## Work instructions
Write out the entries below exactly. End with the line that contains "intros HW HV.".

BEGIN Dataset extract

Lemma exists_popular (U : list X) (W : list Y) (V : R) : W <> [] ->
  (forall x, In x U -> V <= INR (countb (near x) W)) ->
  exists2 y, In y W & INR (length U) * V <= INR (countb (fun x => near x y) U) * INR (length W).
Proof.
  intros HW HV.
  destruct (list_sum_le_max (fun y => countb (fun x => near x y) U) W HW) as [y Hy Hle].
  exists y; [exact Hy|].
  rewrite sum_countb_swap in Hle. apply le_INR in Hle. rewrite mult_INR in Hle.
  eapply Rle_trans; [|exact Hle]. clear Hle.
  induction U as [|a U IH]; [simpl; lra|].
  change (length (a :: U)) with (S (length U)).
  change (list_sum (map (fun x => countb (near x) W) (a :: U)))
    with (countb (near a) W + list_sum (map (fun x => countb (near x) W) U))%nat.
  rewrite S_INR, plus_INR.
  assert (V <= INR (countb (near a) W)) by (apply HV; simpl; auto).
  assert (INR (length U) * V <= INR (list_sum (map (fun x => countb (near x) W) U)))
    by (apply IH; intros; apply HV; simpl; auto).
  lra.
Qed.

Definition covered (Ys : list Y) (x : X) : bool := existsb (near x) Ys.

Lemma greedy_cover (W : list Y) (V : R) : 0 < V -> V <= INR (length W) ->
  forall (k : nat) (U : list X), (forall x, In x U -> V <= INR (countb (near x) W)) ->
  exists Ys, length Ys = k /\ incl Ys W /\
    INR (countb (fun x => negb (covered Ys x)) U) <= INR (length U) * (1 - V / INR (length W)) ^ k.
Proof.
  intros HV HVW k. set (s := V / INR (length W)).
  assert (HW : W <> []) by (intros ->; simpl in HVW; lra).
  assert (Hs : 0 < s <= 1).
  { unfold s. split; [apply Rdiv_lt_0_compat; lra|].
    apply (Rmult_le_reg_r (INR (length W))); [lra|]. field_simplify; lra. }
  induction k as [|k IH]; intros U HU.
  - exists []. split; [reflexivity|]. split; [intros y []|].
    rewrite Rmult_1_r. apply le_INR, filter_length_le.
  - destruct (exists_popular U W V HW HU) as [y Hy Hpop].
    set (U' := filter (fun x => negb (near x y)) U).
    destruct (IH U') as [Ys [HYl [HYW HYc]]].
    { intros x Hx. apply filter_In in Hx. apply HU. tauto. }
    exists (y :: Ys). split; [simpl; auto|]. split; [intros z [<- | Hz]; auto|].
    assert (Hrest : countb (fun x => negb (covered (y :: Ys) x)) U =
                    countb (fun x => negb (covered Ys x)) U').
    { unfold U'. rewrite countb_filter. unfold countb.
      f_equal. apply filter_ext. intros x. unfold covered. simpl.
      destruct (near x y); reflexivity. }
    assert (HU' : (length U' + countb (fun x => near x y) U)%nat = length U).
    { unfold U', countb. rewrite Nat.add_comm. apply filter_length. }
    assert (HU'le : INR (length U') <= INR (length U) * (1 - s)).
    { apply (f_equal INR) in HU'. rewrite plus_INR in HU'. unfold s.
      assert (INR (length U) * V / INR (length W) <= INR (countb (fun x => near x y) U)).
      { apply (Rmult_le_reg_r (INR (length W))); [lra|]. field_simplify; lra. }
      unfold Rdiv in *. lra. }
    rewrite Hrest. eapply Rle_trans; [exact HYc|].
    pose proof (pow_le (1 - s) k ltac:(lra)). simpl. nra.
Qed.

Lemma greedy_cover_all (W : list Y) (U : list X) (V : R) (k : nat) :
  0 < V -> V <= INR (length W) ->
  (forall x, In x U -> V <= INR (countb (near x) W)) ->
  INR (length U) < exp (INR k * V / INR (length W)) ->
  exists Ys, length Ys = k /\ incl Ys W /\ forall x, In x U -> exists2 y, In y Ys & near x y = true.
Proof.
  intros HV HVW HU Hk.
  destruct (greedy_cover W V HV HVW k U HU) as [Ys [HYl [HYW HYc]]].
  exists Ys. split; [exact HYl|]. split; [exact HYW|].
  set (s := V / INR (length W)) in *.
  replace (INR k * V / INR (length W)) with (INR k * s) in Hk by (unfold s, Rdiv; ring).
  assert (Hs : 0 <= 1 - s <= exp (- s)).
  { pose proof (exp_ineq1_le (- s)). split; [|lra].
    assert (s <= 1); [|lra].
    unfold s. apply (Rmult_le_reg_r (INR (length W))); [lra|]. field_simplify; lra. }
  assert (Hpow : (1 - s) ^ k <= exp (- (INR k * s))).
  { replace (- (INR k * s)) with (INR k * - s) by ring. rewrite <- exp_pow.
    now apply pow_incr. }
  assert (Huncovered : INR (countb (fun x => negb (covered Ys x)) U) < 1).
  { eapply Rle_lt_trans; [exact HYc|].
    apply (Rmult_lt_reg_r (exp (INR k * s))); [apply exp_pos|].
    rewrite Rmult_1_l, Rmult_assoc.
    pose proof (pos_INR (length U)).
    assert ((1 - s) ^ k * exp (INR k * s) <= 1); [|nra].
    apply Rle_trans with (exp (- (INR k * s)) * exp (INR k * s)).
    - apply Rmult_le_compat_r; [left; apply exp_pos | exact Hpow].
    - rewrite <- exp_plus, Rplus_opp_l, exp_0. lra. }
  intros x Hx.
  assert (Hnone : countb (fun x => negb (covered Ys x)) U = 0%nat).
  { change 1 with (INR 1) in Huncovered. apply INR_lt in Huncovered. lia. }
  unfold countb in Hnone. apply length_zero_iff_nil in Hnone.
  destruct (covered Ys x) eqn:Hc.
  - apply existsb_exists in Hc as [y [Hy Hxy]]. now exists y.
  - assert (In x (filter (fun x => negb (covered Ys x)) U)) by (apply filter_In; rewrite Hc; auto).
    rewrite Hnone in H. destruct H.
Qed.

END Dataset extract

## Answer for the task
Lemma exists_popular (U : list X) (W : list Y) (V : R) : W <> [] ->
  (forall x, In x U -> V <= INR (countb (near x) W)) ->
  exists2 y, In y W & INR (length U) * V <= INR (countb (fun x => near x y) U) * INR (length W).
Proof.
  intros HW HV.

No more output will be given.